The task. Please repeat exactly the lines below from the one containing "have NM : (N <= M)%N by rewrite leq_addr." down to the one containing "have := perm_size", both included, and nothing else.

Data shown.
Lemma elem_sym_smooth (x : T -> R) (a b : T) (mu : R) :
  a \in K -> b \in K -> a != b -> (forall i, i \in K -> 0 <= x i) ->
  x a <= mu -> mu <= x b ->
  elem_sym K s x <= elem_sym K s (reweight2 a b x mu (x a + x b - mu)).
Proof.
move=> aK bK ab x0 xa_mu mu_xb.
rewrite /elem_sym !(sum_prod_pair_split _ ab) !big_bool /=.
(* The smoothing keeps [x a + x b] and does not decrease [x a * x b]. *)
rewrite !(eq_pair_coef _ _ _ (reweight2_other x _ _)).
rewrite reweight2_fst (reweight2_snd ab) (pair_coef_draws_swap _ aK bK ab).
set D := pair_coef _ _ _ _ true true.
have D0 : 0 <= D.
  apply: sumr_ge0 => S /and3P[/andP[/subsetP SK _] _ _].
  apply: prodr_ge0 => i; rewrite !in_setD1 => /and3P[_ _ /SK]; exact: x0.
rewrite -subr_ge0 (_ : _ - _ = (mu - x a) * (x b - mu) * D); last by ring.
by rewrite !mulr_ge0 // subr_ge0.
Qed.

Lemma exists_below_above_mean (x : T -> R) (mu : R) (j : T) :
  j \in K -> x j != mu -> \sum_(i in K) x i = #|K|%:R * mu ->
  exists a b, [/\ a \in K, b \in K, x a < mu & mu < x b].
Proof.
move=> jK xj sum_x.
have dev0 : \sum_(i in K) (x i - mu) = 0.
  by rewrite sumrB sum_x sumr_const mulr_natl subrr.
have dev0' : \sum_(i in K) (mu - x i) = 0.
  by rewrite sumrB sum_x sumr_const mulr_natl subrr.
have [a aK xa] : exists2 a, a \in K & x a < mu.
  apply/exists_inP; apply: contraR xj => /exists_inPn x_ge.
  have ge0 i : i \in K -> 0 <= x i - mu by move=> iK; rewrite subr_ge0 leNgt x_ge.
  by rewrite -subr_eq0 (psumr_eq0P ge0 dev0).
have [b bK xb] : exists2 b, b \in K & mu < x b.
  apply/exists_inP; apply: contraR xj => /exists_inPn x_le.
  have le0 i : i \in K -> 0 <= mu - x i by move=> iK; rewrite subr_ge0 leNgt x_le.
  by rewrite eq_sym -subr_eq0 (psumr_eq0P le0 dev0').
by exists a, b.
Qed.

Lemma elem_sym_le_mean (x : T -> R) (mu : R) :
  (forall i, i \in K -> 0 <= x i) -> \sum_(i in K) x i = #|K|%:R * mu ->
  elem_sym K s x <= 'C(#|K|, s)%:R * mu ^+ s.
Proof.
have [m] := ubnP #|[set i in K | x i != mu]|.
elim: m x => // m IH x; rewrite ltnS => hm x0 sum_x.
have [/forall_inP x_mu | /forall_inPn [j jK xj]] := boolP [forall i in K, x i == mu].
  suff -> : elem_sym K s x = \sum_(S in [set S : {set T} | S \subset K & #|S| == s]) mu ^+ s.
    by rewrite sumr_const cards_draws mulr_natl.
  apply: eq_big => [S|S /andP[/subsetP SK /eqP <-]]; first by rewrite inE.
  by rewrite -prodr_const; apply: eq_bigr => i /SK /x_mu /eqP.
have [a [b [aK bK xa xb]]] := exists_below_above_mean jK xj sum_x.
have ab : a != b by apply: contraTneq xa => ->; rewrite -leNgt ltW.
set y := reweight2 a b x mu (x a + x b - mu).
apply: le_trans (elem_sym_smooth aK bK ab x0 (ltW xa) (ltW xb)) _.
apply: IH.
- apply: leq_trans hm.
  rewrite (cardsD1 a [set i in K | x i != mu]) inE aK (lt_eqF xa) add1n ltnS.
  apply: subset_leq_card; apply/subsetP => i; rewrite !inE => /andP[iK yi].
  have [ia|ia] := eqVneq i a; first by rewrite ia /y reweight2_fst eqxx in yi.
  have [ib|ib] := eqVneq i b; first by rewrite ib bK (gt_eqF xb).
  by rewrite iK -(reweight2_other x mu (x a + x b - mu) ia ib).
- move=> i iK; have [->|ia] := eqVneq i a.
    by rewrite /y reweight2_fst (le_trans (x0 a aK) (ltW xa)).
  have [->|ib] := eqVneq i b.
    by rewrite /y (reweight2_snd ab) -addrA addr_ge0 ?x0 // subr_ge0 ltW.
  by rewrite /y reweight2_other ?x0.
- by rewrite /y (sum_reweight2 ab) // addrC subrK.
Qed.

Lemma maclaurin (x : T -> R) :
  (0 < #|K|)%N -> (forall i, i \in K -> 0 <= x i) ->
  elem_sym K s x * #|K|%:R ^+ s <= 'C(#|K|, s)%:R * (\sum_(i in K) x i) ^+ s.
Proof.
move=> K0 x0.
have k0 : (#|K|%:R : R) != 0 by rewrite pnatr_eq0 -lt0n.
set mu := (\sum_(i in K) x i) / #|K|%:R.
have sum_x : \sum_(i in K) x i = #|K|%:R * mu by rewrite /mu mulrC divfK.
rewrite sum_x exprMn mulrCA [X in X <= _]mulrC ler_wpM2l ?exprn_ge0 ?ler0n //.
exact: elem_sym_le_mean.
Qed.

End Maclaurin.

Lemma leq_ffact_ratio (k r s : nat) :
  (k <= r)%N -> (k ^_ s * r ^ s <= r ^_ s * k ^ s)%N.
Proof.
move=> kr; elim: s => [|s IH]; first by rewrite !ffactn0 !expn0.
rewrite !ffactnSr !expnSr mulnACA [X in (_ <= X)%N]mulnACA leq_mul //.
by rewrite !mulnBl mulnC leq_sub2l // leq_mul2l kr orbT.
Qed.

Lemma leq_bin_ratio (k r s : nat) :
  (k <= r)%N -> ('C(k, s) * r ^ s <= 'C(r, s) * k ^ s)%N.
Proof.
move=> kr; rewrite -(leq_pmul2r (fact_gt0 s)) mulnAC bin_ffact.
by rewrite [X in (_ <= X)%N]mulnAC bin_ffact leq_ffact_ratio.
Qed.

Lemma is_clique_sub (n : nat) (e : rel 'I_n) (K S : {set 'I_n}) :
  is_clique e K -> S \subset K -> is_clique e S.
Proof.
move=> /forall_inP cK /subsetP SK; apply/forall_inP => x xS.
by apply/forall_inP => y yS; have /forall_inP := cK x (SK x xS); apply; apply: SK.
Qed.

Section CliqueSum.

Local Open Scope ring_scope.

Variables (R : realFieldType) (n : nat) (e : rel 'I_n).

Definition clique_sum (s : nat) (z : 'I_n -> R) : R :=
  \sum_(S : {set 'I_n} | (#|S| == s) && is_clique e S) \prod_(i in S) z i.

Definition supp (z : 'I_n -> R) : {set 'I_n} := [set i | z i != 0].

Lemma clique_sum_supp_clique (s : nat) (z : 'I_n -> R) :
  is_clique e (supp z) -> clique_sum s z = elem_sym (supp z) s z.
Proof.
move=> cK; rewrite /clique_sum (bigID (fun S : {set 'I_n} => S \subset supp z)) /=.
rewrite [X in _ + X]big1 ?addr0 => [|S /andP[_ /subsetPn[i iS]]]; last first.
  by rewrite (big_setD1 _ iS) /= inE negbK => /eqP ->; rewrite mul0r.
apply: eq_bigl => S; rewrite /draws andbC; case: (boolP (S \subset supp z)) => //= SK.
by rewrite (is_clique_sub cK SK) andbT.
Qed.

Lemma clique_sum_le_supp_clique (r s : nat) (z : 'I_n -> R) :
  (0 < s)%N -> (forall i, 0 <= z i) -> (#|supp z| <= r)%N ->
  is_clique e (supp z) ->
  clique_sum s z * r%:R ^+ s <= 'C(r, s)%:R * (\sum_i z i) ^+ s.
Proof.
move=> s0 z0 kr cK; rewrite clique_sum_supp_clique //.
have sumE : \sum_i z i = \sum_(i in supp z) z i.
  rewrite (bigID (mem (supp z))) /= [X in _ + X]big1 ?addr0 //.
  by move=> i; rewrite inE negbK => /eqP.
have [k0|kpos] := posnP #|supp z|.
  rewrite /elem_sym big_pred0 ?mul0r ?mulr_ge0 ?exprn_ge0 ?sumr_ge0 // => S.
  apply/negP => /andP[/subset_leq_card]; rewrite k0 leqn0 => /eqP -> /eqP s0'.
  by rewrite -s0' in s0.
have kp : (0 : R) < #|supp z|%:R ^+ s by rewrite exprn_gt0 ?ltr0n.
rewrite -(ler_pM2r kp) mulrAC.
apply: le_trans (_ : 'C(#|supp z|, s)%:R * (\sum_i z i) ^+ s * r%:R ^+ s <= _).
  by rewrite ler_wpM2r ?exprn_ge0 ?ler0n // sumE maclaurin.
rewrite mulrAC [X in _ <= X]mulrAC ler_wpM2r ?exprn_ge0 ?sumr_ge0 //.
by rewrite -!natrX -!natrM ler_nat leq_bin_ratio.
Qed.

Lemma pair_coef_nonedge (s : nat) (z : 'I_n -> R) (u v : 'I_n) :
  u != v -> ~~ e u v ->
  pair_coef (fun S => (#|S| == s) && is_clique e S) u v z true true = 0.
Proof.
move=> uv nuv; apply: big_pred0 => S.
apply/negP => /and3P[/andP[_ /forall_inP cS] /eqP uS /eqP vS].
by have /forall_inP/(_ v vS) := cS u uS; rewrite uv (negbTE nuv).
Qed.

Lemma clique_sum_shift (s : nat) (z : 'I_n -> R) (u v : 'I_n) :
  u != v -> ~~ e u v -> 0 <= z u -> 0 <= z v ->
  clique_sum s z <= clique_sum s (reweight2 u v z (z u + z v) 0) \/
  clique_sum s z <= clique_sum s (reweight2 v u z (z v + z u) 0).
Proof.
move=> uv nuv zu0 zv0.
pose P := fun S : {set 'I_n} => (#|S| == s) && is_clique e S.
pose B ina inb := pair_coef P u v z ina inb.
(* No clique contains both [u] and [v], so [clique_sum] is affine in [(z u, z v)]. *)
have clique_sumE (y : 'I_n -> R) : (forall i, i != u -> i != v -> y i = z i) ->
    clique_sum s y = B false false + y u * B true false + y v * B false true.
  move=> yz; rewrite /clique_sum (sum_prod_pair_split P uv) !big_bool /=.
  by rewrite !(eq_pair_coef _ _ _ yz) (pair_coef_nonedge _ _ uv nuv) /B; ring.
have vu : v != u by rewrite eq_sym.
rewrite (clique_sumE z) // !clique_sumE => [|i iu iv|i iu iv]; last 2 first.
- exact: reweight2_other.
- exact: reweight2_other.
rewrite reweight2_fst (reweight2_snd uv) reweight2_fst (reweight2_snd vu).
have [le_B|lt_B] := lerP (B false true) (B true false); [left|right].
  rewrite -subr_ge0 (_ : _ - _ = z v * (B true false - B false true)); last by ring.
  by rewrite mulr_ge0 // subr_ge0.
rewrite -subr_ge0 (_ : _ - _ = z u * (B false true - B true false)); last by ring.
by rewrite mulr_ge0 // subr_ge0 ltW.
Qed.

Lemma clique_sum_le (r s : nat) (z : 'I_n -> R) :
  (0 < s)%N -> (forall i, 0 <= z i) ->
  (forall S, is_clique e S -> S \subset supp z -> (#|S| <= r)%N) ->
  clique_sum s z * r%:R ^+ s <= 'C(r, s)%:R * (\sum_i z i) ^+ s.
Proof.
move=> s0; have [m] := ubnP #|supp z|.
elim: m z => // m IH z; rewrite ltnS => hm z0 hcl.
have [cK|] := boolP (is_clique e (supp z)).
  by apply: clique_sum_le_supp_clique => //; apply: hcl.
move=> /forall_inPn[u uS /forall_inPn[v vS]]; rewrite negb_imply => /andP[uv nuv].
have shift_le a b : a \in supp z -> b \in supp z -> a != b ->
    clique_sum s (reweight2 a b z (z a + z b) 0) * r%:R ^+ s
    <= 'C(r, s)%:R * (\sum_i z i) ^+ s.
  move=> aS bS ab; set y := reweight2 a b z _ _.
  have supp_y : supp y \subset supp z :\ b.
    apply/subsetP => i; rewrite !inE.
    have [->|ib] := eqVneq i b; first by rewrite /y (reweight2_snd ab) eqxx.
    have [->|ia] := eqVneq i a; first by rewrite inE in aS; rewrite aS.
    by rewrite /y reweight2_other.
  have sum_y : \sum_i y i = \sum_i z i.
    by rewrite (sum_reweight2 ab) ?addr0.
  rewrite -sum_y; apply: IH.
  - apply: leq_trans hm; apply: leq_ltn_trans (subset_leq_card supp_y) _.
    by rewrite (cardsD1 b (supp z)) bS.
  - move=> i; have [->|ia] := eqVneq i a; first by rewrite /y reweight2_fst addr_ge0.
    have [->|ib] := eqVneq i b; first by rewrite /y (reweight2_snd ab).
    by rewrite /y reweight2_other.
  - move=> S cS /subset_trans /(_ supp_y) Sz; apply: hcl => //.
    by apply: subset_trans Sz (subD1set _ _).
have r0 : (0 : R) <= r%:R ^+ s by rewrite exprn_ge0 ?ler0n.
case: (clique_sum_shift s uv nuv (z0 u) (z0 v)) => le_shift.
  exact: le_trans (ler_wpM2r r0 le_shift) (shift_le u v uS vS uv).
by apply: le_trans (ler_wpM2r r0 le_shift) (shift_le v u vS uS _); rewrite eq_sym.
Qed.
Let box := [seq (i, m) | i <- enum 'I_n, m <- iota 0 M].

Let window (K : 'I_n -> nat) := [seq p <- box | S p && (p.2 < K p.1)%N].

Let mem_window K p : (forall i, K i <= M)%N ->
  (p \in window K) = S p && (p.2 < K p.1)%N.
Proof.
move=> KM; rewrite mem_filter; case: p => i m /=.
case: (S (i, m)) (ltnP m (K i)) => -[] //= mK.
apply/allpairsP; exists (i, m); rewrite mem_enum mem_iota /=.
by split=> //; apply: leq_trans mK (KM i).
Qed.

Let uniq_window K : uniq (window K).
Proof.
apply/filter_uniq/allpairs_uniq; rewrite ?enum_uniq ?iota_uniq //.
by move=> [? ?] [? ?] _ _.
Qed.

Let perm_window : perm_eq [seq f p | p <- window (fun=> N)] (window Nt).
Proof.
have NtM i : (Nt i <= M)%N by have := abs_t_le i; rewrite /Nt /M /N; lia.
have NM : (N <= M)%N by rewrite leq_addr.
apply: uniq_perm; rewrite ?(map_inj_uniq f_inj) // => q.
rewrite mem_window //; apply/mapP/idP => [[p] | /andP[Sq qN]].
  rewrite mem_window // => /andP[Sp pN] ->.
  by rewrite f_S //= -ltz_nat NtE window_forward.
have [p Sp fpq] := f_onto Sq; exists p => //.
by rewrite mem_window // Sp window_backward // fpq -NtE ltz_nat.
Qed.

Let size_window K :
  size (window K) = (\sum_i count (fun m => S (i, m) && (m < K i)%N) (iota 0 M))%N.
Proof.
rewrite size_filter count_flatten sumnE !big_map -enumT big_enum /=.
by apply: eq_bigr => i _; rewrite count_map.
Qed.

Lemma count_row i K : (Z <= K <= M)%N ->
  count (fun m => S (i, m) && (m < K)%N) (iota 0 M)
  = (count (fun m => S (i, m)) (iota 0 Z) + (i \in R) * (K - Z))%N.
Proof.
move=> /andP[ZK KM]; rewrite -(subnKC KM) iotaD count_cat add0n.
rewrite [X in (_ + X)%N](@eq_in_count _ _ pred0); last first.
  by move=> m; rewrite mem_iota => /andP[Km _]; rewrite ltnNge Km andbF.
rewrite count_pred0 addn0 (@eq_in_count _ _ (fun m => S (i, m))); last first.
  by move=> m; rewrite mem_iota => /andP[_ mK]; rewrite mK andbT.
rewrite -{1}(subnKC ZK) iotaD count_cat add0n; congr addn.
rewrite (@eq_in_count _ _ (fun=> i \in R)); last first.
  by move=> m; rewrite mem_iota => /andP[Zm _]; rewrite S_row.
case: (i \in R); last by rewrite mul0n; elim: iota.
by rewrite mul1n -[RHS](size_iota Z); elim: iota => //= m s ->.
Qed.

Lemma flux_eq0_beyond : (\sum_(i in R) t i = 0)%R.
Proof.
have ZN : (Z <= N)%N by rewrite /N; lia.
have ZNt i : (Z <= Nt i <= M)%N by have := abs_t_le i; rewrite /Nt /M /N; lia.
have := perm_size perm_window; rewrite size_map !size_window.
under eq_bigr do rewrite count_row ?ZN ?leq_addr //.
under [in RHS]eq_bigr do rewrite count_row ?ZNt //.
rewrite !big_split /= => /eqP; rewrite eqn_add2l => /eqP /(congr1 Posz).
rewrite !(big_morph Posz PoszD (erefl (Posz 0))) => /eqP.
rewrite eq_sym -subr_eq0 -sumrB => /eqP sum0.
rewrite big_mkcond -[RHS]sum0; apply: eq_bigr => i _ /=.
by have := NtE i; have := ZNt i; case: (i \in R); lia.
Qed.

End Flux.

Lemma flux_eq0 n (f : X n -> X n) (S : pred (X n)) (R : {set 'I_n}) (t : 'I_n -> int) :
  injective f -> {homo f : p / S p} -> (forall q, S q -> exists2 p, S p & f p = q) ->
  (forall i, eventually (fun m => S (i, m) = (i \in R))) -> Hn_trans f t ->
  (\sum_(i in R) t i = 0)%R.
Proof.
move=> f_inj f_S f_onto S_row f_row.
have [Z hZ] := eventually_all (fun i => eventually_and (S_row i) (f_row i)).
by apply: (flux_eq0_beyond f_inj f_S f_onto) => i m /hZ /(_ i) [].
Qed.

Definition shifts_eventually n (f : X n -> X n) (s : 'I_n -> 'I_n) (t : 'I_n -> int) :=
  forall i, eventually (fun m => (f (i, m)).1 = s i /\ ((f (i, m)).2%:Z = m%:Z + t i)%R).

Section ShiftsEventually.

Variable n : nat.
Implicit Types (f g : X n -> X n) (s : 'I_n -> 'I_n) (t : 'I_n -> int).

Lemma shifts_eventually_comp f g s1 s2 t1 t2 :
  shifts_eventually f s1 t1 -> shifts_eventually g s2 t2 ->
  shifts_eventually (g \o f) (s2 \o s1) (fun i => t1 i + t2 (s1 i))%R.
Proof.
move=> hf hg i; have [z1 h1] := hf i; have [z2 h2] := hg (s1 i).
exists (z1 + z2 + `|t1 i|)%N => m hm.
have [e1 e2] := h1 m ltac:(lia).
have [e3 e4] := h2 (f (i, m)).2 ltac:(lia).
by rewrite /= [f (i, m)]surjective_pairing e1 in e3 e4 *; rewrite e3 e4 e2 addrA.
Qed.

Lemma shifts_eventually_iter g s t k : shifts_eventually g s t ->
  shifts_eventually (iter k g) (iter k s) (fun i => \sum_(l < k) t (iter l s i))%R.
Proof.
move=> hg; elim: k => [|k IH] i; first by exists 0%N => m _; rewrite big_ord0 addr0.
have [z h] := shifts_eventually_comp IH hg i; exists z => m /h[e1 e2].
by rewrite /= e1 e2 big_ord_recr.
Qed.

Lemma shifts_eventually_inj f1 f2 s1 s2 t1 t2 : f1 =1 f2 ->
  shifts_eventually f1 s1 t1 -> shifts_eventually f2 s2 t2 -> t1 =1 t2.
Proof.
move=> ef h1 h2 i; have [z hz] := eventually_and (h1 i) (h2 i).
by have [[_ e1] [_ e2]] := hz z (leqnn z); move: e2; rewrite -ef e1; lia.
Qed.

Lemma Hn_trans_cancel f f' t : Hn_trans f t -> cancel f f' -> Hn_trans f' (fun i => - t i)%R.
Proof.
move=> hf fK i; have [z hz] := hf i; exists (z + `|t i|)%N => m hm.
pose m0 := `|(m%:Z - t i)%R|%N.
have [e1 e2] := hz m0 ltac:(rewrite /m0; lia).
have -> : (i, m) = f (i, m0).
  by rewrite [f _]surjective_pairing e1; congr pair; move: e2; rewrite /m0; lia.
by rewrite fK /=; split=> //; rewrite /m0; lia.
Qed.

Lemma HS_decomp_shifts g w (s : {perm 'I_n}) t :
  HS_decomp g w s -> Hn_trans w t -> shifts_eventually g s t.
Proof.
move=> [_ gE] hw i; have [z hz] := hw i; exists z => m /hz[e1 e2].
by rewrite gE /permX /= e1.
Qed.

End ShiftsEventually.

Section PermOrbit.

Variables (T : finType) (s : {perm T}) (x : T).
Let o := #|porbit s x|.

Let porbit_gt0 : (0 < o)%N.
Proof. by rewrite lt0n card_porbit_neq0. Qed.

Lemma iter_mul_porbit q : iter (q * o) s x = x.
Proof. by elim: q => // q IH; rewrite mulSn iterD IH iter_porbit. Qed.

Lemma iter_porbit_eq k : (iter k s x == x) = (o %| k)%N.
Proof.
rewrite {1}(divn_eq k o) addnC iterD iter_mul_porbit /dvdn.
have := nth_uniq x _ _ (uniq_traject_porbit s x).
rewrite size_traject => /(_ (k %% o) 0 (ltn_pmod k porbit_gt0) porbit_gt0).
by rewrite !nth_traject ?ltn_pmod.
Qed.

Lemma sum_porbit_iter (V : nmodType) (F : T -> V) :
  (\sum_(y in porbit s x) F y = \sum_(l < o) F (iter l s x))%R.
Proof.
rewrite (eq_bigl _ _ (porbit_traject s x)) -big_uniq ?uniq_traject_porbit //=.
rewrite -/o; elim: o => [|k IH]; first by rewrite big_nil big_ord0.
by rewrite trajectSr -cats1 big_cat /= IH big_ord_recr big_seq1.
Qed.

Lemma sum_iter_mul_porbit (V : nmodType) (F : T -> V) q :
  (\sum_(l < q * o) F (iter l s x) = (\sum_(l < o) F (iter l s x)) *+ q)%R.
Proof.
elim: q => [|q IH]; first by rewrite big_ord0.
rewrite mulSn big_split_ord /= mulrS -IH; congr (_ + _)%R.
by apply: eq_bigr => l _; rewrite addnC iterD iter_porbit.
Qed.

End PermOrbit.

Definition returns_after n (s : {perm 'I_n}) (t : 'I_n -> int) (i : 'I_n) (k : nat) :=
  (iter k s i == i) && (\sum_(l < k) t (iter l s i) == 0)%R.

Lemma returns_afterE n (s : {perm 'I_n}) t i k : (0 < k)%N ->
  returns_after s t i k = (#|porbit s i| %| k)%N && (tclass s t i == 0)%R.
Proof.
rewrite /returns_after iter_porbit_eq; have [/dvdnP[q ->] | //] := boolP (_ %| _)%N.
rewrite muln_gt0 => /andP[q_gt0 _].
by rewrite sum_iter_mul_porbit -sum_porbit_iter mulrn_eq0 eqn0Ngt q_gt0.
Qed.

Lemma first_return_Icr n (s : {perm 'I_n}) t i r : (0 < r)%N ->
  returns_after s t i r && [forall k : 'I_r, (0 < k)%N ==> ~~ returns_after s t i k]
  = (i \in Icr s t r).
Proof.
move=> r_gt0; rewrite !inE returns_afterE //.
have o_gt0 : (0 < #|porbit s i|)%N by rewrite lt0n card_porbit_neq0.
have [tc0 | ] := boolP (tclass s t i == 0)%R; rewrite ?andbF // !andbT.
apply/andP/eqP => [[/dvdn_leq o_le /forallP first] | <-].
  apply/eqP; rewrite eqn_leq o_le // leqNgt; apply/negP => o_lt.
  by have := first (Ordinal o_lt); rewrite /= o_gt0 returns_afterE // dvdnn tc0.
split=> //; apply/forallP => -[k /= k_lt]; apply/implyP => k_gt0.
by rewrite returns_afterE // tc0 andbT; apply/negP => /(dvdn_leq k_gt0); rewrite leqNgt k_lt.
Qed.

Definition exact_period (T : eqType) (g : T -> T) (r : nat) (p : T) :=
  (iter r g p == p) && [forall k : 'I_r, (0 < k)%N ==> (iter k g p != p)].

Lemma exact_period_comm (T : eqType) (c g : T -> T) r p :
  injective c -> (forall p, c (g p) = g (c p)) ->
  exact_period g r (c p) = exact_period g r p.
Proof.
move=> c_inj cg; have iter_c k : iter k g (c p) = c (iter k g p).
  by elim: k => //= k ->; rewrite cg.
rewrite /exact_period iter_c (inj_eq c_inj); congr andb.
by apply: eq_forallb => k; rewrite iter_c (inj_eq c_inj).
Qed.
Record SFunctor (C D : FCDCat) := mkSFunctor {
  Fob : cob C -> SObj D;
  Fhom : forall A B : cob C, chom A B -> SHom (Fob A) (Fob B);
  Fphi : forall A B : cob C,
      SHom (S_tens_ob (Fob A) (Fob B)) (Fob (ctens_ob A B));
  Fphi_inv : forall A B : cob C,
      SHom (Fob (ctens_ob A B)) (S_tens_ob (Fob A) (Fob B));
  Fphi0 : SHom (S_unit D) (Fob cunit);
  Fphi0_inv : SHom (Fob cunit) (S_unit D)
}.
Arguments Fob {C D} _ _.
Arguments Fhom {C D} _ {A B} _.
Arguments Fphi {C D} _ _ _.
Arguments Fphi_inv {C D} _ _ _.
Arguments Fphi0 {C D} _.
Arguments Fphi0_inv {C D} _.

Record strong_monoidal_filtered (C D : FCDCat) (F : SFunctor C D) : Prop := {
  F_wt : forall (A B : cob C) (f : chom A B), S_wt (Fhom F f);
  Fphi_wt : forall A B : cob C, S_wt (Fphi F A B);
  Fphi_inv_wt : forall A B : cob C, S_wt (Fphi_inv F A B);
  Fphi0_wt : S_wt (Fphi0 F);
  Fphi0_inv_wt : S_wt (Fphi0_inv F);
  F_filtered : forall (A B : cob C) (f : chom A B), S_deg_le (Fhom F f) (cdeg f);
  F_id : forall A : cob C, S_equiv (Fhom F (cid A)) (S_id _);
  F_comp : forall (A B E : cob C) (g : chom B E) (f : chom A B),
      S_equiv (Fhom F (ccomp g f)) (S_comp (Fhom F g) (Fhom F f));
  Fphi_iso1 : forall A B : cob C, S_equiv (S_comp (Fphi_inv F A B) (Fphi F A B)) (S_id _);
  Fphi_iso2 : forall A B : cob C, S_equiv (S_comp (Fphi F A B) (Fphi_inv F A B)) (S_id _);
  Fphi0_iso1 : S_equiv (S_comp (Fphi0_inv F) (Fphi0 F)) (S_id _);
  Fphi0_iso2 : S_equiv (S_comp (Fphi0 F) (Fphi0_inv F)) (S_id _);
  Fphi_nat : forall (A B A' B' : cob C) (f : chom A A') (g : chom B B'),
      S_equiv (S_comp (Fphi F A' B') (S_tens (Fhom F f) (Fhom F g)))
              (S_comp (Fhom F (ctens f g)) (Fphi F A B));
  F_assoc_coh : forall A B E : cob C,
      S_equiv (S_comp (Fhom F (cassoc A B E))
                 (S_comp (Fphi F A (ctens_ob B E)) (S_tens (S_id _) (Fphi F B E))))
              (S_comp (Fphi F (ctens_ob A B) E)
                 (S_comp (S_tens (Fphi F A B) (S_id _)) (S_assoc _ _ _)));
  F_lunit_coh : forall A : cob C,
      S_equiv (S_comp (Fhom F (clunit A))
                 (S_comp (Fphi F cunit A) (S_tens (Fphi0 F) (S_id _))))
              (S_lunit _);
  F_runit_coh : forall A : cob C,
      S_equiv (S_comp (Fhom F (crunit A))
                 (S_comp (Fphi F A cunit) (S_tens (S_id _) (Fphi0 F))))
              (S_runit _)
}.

Output of the exercise.
have NM : (N <= M)%N by rewrite leq_addr.
apply: uniq_perm; rewrite ?(map_inj_uniq f_inj) // => q.
rewrite mem_window //; apply/mapP/idP => [[p] | /andP[Sq qN]].
  rewrite mem_window // => /andP[Sp pN] ->.
  by rewrite f_S //= -ltz_nat NtE window_forward.
have [p Sp fpq] := f_onto Sq; exists p => //.
by rewrite mem_window // Sp window_backward // fpq -NtE ltz_nat.
Qed.

Let size_window K :
  size (window K) = (\sum_i count (fun m => S (i, m) && (m < K i)%N) (iota 0 M))%N.
Proof.
rewrite size_filter count_flatten sumnE !big_map -enumT big_enum /=.
by apply: eq_bigr => i _; rewrite count_map.
Qed.

Lemma count_row i K : (Z <= K <= M)%N ->
  count (fun m => S (i, m) && (m < K)%N) (iota 0 M)
  = (count (fun m => S (i, m)) (iota 0 Z) + (i \in R) * (K - Z))%N.
Proof.
move=> /andP[ZK KM]; rewrite -(subnKC KM) iotaD count_cat add0n.
rewrite [X in (_ + X)%N](@eq_in_count _ _ pred0); last first.
  by move=> m; rewrite mem_iota => /andP[Km _]; rewrite ltnNge Km andbF.
rewrite count_pred0 addn0 (@eq_in_count _ _ (fun m => S (i, m))); last first.
  by move=> m; rewrite mem_iota => /andP[_ mK]; rewrite mK andbT.
rewrite -{1}(subnKC ZK) iotaD count_cat add0n; congr addn.
rewrite (@eq_in_count _ _ (fun=> i \in R)); last first.
  by move=> m; rewrite mem_iota => /andP[Zm _]; rewrite S_row.
case: (i \in R); last by rewrite mul0n; elim: iota.
by rewrite mul1n -[RHS](size_iota Z); elim: iota => //= m s ->.
Qed.

Lemma flux_eq0_beyond : (\sum_(i in R) t i = 0)%R.
Proof.
have ZN : (Z <= N)%N by rewrite /N; lia.
have ZNt i : (Z <= Nt i <= M)%N by have := abs_t_le i; rewrite /Nt /M /N; lia.
have := perm_size perm_window; rewrite size_map !size_window.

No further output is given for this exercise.